Interpreting Bivariate Data
Key Ideas
Key Terms
- Sample size
- Small samples (e.g. <20) produce less reliable conclusions. Large, representative samples give more confidence.
- Confounding variables
- Hidden third variables that may explain both x and y, making the association misleading.
- Bias
- In data collection (e.g. only surveying one group) means the data may not represent the population.
- Ethical data use
- Data should not be cherry-picked, manipulated, or presented in a misleading way. Scales and ranges should be chosen fairly.
Writing a Statistical Conclusion
A strong conclusion names both variables, states the direction and strength of the relationship, acknowledges limitations (sample size, possible confounders), and avoids claiming causation unless a controlled experiment was conducted.
Worked Example
Question: A survey of 15 Year 9 students found a moderate positive correlation between the number of books read per month and performance on a reading comprehension test. Write a statistical conclusion and identify two limitations.
Statistical Conclusion:
The data suggests a moderate positive association between the number of books read per month and reading comprehension test scores among Year 9 students. Students who read more books per month tended to score higher on the test.
Limitations:
1. The sample size of 15 is very small, making it difficult to generalise the findings to all Year 9 students.

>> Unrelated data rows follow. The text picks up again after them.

Lemma lie_F3_X : lie (F3 g) (Xmat g) = sin g ^+ 2 *: F2 g.
Proof. by rewrite F3E F2E /lie; entrywise; ring. Qed.

Lemma lie_F3_Y : lie (F3 g) Ymat = F2 g.
Proof. by rewrite F3E F2E /lie; entrywise; ring. Qed.

Lemma lie_F2_X : lie (F2 g) (Xmat g) = - sin g ^+ 2 *: F1 g.
Proof.
have cos2Dsin2_g := cos2Dsin2 g.
(* the entries [1] of [Ymat] become [cos g ^+ 2 + sin g ^+ 2] *)
by rewrite F2E /F1 /lie; entrywise; rewrite -?cos2Dsin2_g; ring.
Qed.
End brackets.

Section reduced_dynamics.
Variables (R : realType) (g : R) (A : 'M[R]_3) (p psi : R -> 'cV[R]_3).
Hypothesis A_XY : A = Xmat g \/ A = Ymat.
Hypothesis dpsi : forall t : R, 0 < t -> is_derive t 1 psi (A *m psi t).
Hypothesis dp : forall t : R, 0 < t -> is_derive t 1 p (- (A^T *m p t)).
Hypothesis psi0 : psi x @[x --> 0^'+] --> psi 0.
Hypothesis p0 : p x @[x --> 0^'+] --> p 0.
Implicit Types (F : 'M[R]_3) (t tau : R).

Lemma is_derive_reduced F t :
  0 < t -> is_derive t 1 (phi F p psi) (phi (lie F A) p psi t).
Proof. by move=> t_gt0; apply: is_derive_phi; [apply: dpsi | apply: dp]. Qed.

Lemma is_derive_phi1 t :
  0 < t -> is_derive t 1 (phi (F1 g) p psi) (phi (F2 g) p psi t).
Proof. by rewrite -(lie_F1 A_XY); apply: is_derive_reduced. Qed.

2. The survey does not establish causation — students with stronger reading ability may choose to read more books rather than reading causing the improvement.
Making Predictions from the Line of Best Fit
The line of best fit is a tool for making predictions. Once you have the equation of the line (y = mx + b), substitute a given x-value to predict the y-value, or rearrange to find x for a given y-value.
Example: A study finds the equation y = 4x + 30, where x = hours of revision and y = exam score (%). Predict the score for a student who revises 7 hours: y = 4(7) + 30 = 28 + 30 = 58%. Always state the units and context in your answer.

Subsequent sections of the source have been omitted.